From the entries below, copy every line where the string "divff" appears.

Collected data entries
*** Begin section ***
(* Let $V$ be a finite vocabulary. Each word $x\in V$ has a synonym set $S_x\subseteq V$ with $x\in S_x$, and the synonym relation is symmetric ($x'\in S_x$ iff $x\in S_{x'}$). Each word $x\in V$ has a nonempty perturbation set $P_x\subseteq V$. Fix integers $L\ge 1$ and $0\le R\le L$, a finite label set $\mathcal{Y}$, and a classifier $f: V^L\to\mathcal{Y}$. For a sentence $X=x_1,\ldots,x_L\in V^L$ let $$S_X=\Big\{X'=x'_1,\ldots,x'_L\in V^L:\ \textstyle\sum_{i=1}^L \mathbb{I}\{x'_i\neq x_i\}\le R,\ x'_i\in S_{x_i}\ \forall i\Big\},$$ let $\Pi_X$ be the probability distribution on $V^L$ given by $\Pi_X(Z)=\prod_{i=1}^L \mathbb{I}\{z_i\in P_{x_i}\}/|P_{x_i}|$ for $Z=z_1,\ldots,z_L$, and let $g^{\mathrm{RS}}(X,c)=\mathbb{P}_{Z\sim\Pi_X}(f(Z)=c)$ for $c\in\mathcal{Y}$. Assume $|P_x|=|P_{x'}|$ for every word $x$ and every synonym $x'\in S_x$. Define, for each word $x$, $q_x=\min_{x'\in S_x}|P_x\cap P_{x'}|/|P_x|$. For a given sentence $X=x_1,\ldots,x_L$, order its positions as $i_1,\ldots,i_L$ so that $q_{x_{i_1}}\le q_{x_{i_2}}\le\cdots\le q_{x_{i_L}}$, and set $q_X:=1-\prod_{j=1}^R q_{x_{i_j}}$. Then for every label $c\in\mathcal{Y}$, $$\min_{X'\in S_X} g^{\mathrm{RS}}(X',c)\ge \max\big(g^{\mathrm{RS}}(X,c)-q_X,\,0\big),\qquad \max_{X'\in S_X} g^{\mathrm{RS}}(X',c)\le \min\big(g^{\mathrm{RS}}(X,c)+q_X,\,1\big).$$ Equivalently, $|g^{\mathrm{RS}}(X',c)-g^{\mathrm{RS}}(X,c)|\le q_X$ for all $X'\in S_X$ and all $c\in\mathcal{Y}$.
   Context: $g^{\mathrm{RS}}(X,c)$ is the ''soft score'' of label $c$ of the smoothed classifier $f^{\mathrm{RS}}(X)=\arg\max_{c\in\mathcal{Y}} g^{\mathrm{RS}}(X,c)$. $S_X$ is the set of adversarial sentences obtained by replacing at most $R$ words of $X$ by synonyms. *)

From HB Require Import structures.
From mathcomp Require Import all_boot all_order all_algebra.
Set Implicit Arguments. Unset Strict Implicit. Unset Printing Implicit Defensive.
Import Order.TTheory GRing.Theory Num.Theory.
Local Open Scope ring_scope.

Definition sentence (V : finType) (L : nat) := {ffun 'I_L -> V}.

Definition adv_set (V : finType) (L R : nat) (S : V -> {set V})
  (X : sentence V L) : {set sentence V L} :=
  [set X' : sentence V L |
     (#|[set i : 'I_L | X' i != X i]| <= R)%N && [forall i, X' i \in S (X i)]].

Definition Pi (F : realFieldType) (V : finType) (L : nat) (P : V -> {set V})
  (X Z : sentence V L) : F :=
  \prod_(i < L) ((Z i \in P (X i))%:R / #|P (X i)|%:R).

Definition gRS (F : realFieldType) (V Y : finType) (L : nat) (P : V -> {set V})
  (f : sentence V L -> Y) (X : sentence V L) (c : Y) : F :=
  \sum_(Z : sentence V L | f Z == c) Pi F P X Z.

(* q_x = min_{x' in S_x} |P_x cap P_x'| / |P_x|  (S_x is nonempty since x in S_x;
   the default 1 of the iterated min is attained at x' = x). *)
Definition qword (F : realFieldType) (V : finType) (S P : V -> {set V}) (x : V) : F :=
  \big[Num.min/1]_(x' in S x) (#|P x :&: P x'|%:R / #|P x|%:R).

Definition qsent (F : realFieldType) (V : finType) (L R : nat) (S P : V -> {set V})
  (X : sentence V L) : F :=
  1 - \prod_(q <- take R (sort <=%R [seq qword F S P (X i) | i <- enum 'I_L])) q.

From HB Require Import structures.
From mathcomp Require Import all_boot all_order all_algebra.
From mathcomp Require Import lra.
Set Implicit Arguments. Unset Strict Implicit. Unset Printing Implicit Defensive.
Import Order.TTheory GRing.Theory Num.Theory.
Local Open Scope ring_scope.

(* Couple Pi_X and Pi_X' through the measure
     M(Z) = prod_i 1{z_i in P_{x_i} cap P_{x'_i}} / |P_{x_i}|,
   which lies below both of them because |P_{x_i}| = |P_{x'_i}|.  Two probability
   distributions dominating a common measure of mass m give every event
   probabilities at most 1 - m apart, and here
     m = prod_i |P_{x_i} cap P_{x'_i}| / |P_{x_i}|.
   The factors with x'_i = x_i equal 1 and the at most R others are at least
   q_{x_i}, so m is at least the product of the R smallest q_{x_i}. *)

Lemma perm_cons_cat_swap (T : eqType) (m y : T) (t u : seq T) : m \in u ->
  perm_eq (y :: t ++ u) (m :: t ++ y :: rem m u).
Proof.
move=> mu; apply: perm_trans (_ : perm_eq _ (y :: t ++ m :: rem m u)) _.
  by rewrite perm_cons perm_cat2l perm_to_rem.
rewrite -[y :: _]cat1s (perm_catCA [:: y] t) perm_sym.
rewrite -[m :: _]cat1s (perm_catCA [:: m] t) perm_cat2l.
by rewrite (perm_catCA [:: m] [:: y]).
Qed.

Section SortedProducts.
Variable F : realFieldType.

(* [perm_eq w (t ++ u)] says that [t] is a sub-multiset of [w]. *)
Lemma prod_take_sorted_le (w : seq F) n t u :
  sorted <=%R w -> all (fun x => 0 <= x <= 1) w ->
  perm_eq w (t ++ u) -> (size t <= n)%N ->
  \prod_(x <- take n w) x <= \prod_(x <- t) x.
Proof.
elim: w n t u => [|m r IH] n t u w_sorted w01 wtu size_t.
  by case: t wtu {size_t} => [|? ?]; rewrite ?big_nil // => /perm_size.
case: n size_t => [|n] size_t.
  by case: t size_t {wtu} => // _; rewrite big_nil.
have r_sorted : sorted <=%R r := path_sorted w_sorted.
have m_min : all (>= m) r := order_path_min le_trans w_sorted.
case/andP: w01 => /andP[m0 m1] r01.
have /andP[take_r_ge0 take_r_le1] : 0 <= \prod_(x <- take n r) x <= 1.
  rewrite big_seq prodr_ge0 ?prodr_ile1 // => x /mem_take /(allP r01) //.
  by case/andP.
rewrite /= big_cons.
have [mt | mNt] := boolP (m \in t).
  rewrite (perm_big _ (perm_to_rem mt)) big_cons ler_wpM2l //.
  apply: (IH n (rem m t) u) => //.
    rewrite -(perm_cons m); apply: perm_trans wtu _.
    by rewrite -cat_cons perm_cat2r perm_to_rem.
  by rewrite size_rem //; case: (size t) size_t.
(* The minimum [m] of [w] is not in [t]: trade the head [y] of [t] for [m]. *)
case: t wtu size_t mNt => [|y t'] wtu size_t mNt.
  by rewrite big_nil mulr_ile1.
have mu : m \in u.
  by have := perm_mem wtu m; rewrite mem_head mem_cat (negbTE mNt).
have my : m <= y.
  have : y \in m :: r by rewrite (perm_mem wtu) mem_head.
  by rewrite in_cons => /orP[/eqP-> //|/(allP m_min)].
rewrite big_cons ler_pM //; apply: (IH n t' (y :: rem m u)) => //.
by rewrite -(perm_cons m); apply: perm_trans wtu (perm_cons_cat_swap _ _ mu).
Qed.

Lemma prod_take_sort_le (I : finType) (q : I -> F) (D : {set I}) n :
  (forall i, 0 <= q i <= 1) -> (#|D| <= n)%N ->
  \prod_(x <- take n (sort <=%R [seq q i | i <- enum I])) x <= \prod_(i in D) q i.
Proof.
move=> q01 card_D; rewrite -big_enum -(big_map q predT id).
apply: prod_take_sorted_le (map q (enum (~: D))) _ _ _ _.
- by apply: sort_sorted => x y; exact: le_total.
- by apply/allP => x; rewrite mem_sort => /mapP[i _ ->].
- rewrite perm_sort -map_cat perm_map // uniq_perm ?enum_uniq //.
    by rewrite cat_uniq !enum_uniq andbT; apply/hasPn => i; rewrite !mem_enum inE.
  by move=> i; rewrite mem_cat !mem_enum in_setC orbN.
- by rewrite size_map -cardE.
Qed.

End SortedProducts.

Lemma sum_cond_sub_le_overlap (F : realFieldType) (T : finType)
    (p1 p2 m : T -> F) (Q : pred T) :
  (forall z, m z <= p1 z) -> (forall z, m z <= p2 z) -> \sum_z p1 z = 1 ->
  \sum_(z | Q z) p1 z - \sum_(z | Q z) p2 z <= 1 - \sum_z m z.
Proof.
move=> m_le_p1 m_le_p2 sum_p1.
apply: le_trans (_ : \sum_(z | Q z) (p1 z - m z) <= _).
  by rewrite sumrB lerB // ler_sum.
rewrite -sum_p1 -sumrB [leRHS](bigID Q) /= lerDl.
by apply: sumr_ge0 => z _; rewrite subr_ge0.
Qed.

Lemma dist_sum_cond_le_overlap (F : realFieldType) (T : finType)
    (p1 p2 m : T -> F) (Q : pred T) :
  (forall z, m z <= p1 z) -> (forall z, m z <= p2 z) ->
  \sum_z p1 z = 1 -> \sum_z p2 z = 1 ->
  `|\sum_(z | Q z) p1 z - \sum_(z | Q z) p2 z| <= 1 - \sum_z m z.
Proof.
move=> m_le_p1 m_le_p2 sum_p1 sum_p2.
rewrite ler_norml (sum_cond_sub_le_overlap _ m_le_p1) // andbT.
by rewrite lerNl opprB (sum_cond_sub_le_overlap _ m_le_p2).
Qed.

Section Smoothing.
Variables (F : realFieldType) (V : finType) (L : nat) (P : V -> {set V}).
Hypothesis P_neq0 : forall x, P x != set0.

Lemma sum_natr_mem (A : {set V}) : \sum_j ((j \in A)%:R : F) = #|A|%:R.
Proof.
by rewrite -sumr_const [RHS]big_mkcond; apply: eq_bigr => j _; case: (j \in A).
Qed.

Lemma sum_sentence_prod (G : 'I_L -> V -> F) :
  \sum_(Z : sentence V L) \prod_i G i (Z i) = \prod_i \sum_j G i j.
Proof. by rewrite bigA_distr_bigA. Qed.

Lemma Pi_ge0 (X Z : sentence V L) : 0 <= Pi F P X Z.
Proof. by apply: prodr_ge0 => i _; rewrite divr_ge0 ?ler0n. Qed.

Lemma sum_Pi (X : sentence V L) : \sum_Z Pi F P X Z = 1.
Proof.
rewrite (sum_sentence_prod (fun i j => (j \in P (X i))%:R / #|P (X i)|%:R)).
apply: big1 => i _.
by rewrite -mulr_suml sum_natr_mem divff // pnatr_eq0 -lt0n card_gt0.
Qed.

Lemma gRS_ge0 (Y : finType) (f : sentence V L -> Y) (X : sentence V L) (c : Y) :
  0 <= gRS F P f X c.
Proof. by apply: sumr_ge0 => Z _; apply: Pi_ge0. Qed.

Lemma gRS_le1 (Y : finType) (f : sentence V L -> Y) (X : sentence V L) (c : Y) :
  gRS F P f X c <= 1.
Proof.
rewrite -(sum_Pi X) [leRHS](bigID (fun Z => f Z == c)) /= lerDl.
by apply: sumr_ge0 => Z _; apply: Pi_ge0.
Qed.

Definition overlap_ratio (x x' : V) : F := #|P x :&: P x'|%:R / #|P x|%:R.

Definition Pi_overlap (X X' Z : sentence V L) : F :=
  \prod_(i < L) ((Z i \in P (X i) :&: P (X' i))%:R / #|P (X i)|%:R).

Lemma natr_mem_setIl (A B : {set V}) z : ((z \in A :&: B)%:R : F) <= (z \in A)%:R.
Proof. by rewrite in_setI; case: (z \in A); case: (z \in B); rewrite ?ler01. Qed.

Lemma Pi_overlap_le_Pi (X X' Z : sentence V L) : Pi_overlap X X' Z <= Pi F P X Z.
Proof.
apply: ler_prod => i _; rewrite divr_ge0 ?ler0n //=.
by rewrite ler_wpM2r ?invr_ge0 ?ler0n ?natr_mem_setIl.
Qed.

Lemma Pi_overlap_le_Pi_r (X X' Z : sentence V L) :
  (forall i, #|P (X' i)| = #|P (X i)|) ->
  Pi_overlap X X' Z <= Pi F P X' Z.
Proof.
move=> card_X'; apply: ler_prod => i _; rewrite divr_ge0 ?ler0n //= card_X'.
by rewrite setIC ler_wpM2r ?invr_ge0 ?ler0n ?natr_mem_setIl.
Qed.

Lemma sum_Pi_overlap (X X' : sentence V L) :
  \sum_Z Pi_overlap X X' Z = \prod_i overlap_ratio (X i) (X' i).
Proof.
rewrite (sum_sentence_prod
  (fun i j => (j \in P (X i) :&: P (X' i))%:R / #|P (X i)|%:R)).
apply: eq_bigr => i _.
by rewrite -mulr_suml sum_natr_mem.
Qed.

Lemma dist_gRS_le (Y : finType) (f : sentence V L -> Y) (X X' : sentence V L)
    (c : Y) :
  (forall i, #|P (X' i)| = #|P (X i)|) ->
  `|gRS F P f X' c - gRS F P f X c| <= 1 - \prod_i overlap_ratio (X i) (X' i).
Proof.
move=> card_X'; rewrite -sum_Pi_overlap.
apply: dist_sum_cond_le_overlap; rewrite ?sum_Pi // => Z.
  exact: Pi_overlap_le_Pi_r.
exact: Pi_overlap_le_Pi.
Qed.

Lemma overlap_ratio_id x : overlap_ratio x x = 1.
Proof. by rewrite /overlap_ratio setIid divff // pnatr_eq0 -lt0n card_gt0. Qed.

End Smoothing.

Section WordBounds.
Variables (F : realFieldType) (V : finType) (S P : V -> {set V}).
Hypothesis P_neq0 : forall x, P x != set0.

Lemma qword_ge0 x : 0 <= qword F S P x.
Proof. by apply: le_bigmin => // x' _; rewrite divr_ge0 ?ler0n. Qed.

Lemma qword_le1 x : qword F S P x <= 1.
Proof. exact: bigmin_le_id. Qed.

Lemma qword_le_overlap_ratio x x' :
  x' \in S x -> qword F S P x <= overlap_ratio F P x x'.
Proof. exact: bigmin_le_cond. Qed.

Lemma overlap_defect_le_qsent (L R : nat) (X X' : sentence V L) :
  X' \in adv_set R S X ->
  1 - \prod_i overlap_ratio F P (X i) (X' i) <= qsent F R S P X.
Proof.
rewrite inE => /andP[card_D /forallP X'_syn]; rewrite lerB //.
set D := [set i | X' i != X i] in card_D.
have -> : \prod_i overlap_ratio F P (X i) (X' i)
          = \prod_(i in D) overlap_ratio F P (X i) (X' i).
  rewrite [LHS](bigID (mem D)) /= [X in _ * X]big1 ?mulr1 // => i.
  by rewrite inE negbK => /eqP->; apply: overlap_ratio_id.
apply: le_trans (_ : \prod_(i in D) qword F S P (X i) <= _).
  by apply: prod_take_sort_le => // i; rewrite qword_ge0 qword_le1.
apply: ler_prod => i _; rewrite qword_ge0.
exact/qword_le_overlap_ratio/X'_syn.
Qed.

End WordBounds.

Theorem theorem1 (F : realFieldType) (V Y : finType) (L R : nat)
  (S P : V -> {set V}) (f : sentence V L -> Y)
  (HS_refl : forall x : V, x \in S x)
  (HS_sym : forall x x' : V, (x' \in S x) = (x \in S x'))
  (HP_ne : forall x : V, P x != set0)
  (HL : (1 <= L)%N) (HR : (R <= L)%N)
  (HPcard : forall x x' : V, x' \in S x -> #|P x| = #|P x'|)
  (X : sentence V L) (c : Y) :
  (forall X' : sentence V L, X' \in adv_set R S X ->
     Num.max (gRS F P f X c - qsent F R S P X) 0 <= gRS F P f X' c /\
     gRS F P f X' c <= Num.min (gRS F P f X c + qsent F R S P X) 1) /\
  (forall X' : sentence V L, X' \in adv_set R S X ->
     `|gRS F P f X' c - gRS F P f X c| <= qsent F R S P X).
Proof.
have dist_le X' : X' \in adv_set R S X ->
    `|gRS F P f X' c - gRS F P f X c| <= qsent F R S P X.
  move=> X'_adv; have card_X' i : #|P (X' i)| = #|P (X i)|.
    by move: X'_adv; rewrite inE => /andP[_ /forallP/(_ i)/HPcard ->].
  apply: le_trans (dist_gRS_le F HP_ne f c card_X') _.
  exact: (overlap_defect_le_qsent F HP_ne X'_adv).
split=> // X' /dist_le; rewrite ler_norml => /andP[lo hi].
have := gRS_ge0 F P f X' c; have := gRS_le1 F HP_ne f X' c.
by rewrite ge_max le_min; lra.
Qed.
*** End section ***
• RESULT OF THE TASK:
by rewrite -mulr_suml sum_natr_mem divff // pnatr_eq0 -lt0n card_gt0.
Proof. by rewrite /overlap_ratio setIid divff // pnatr_eq0 -lt0n card_gt0. Qed.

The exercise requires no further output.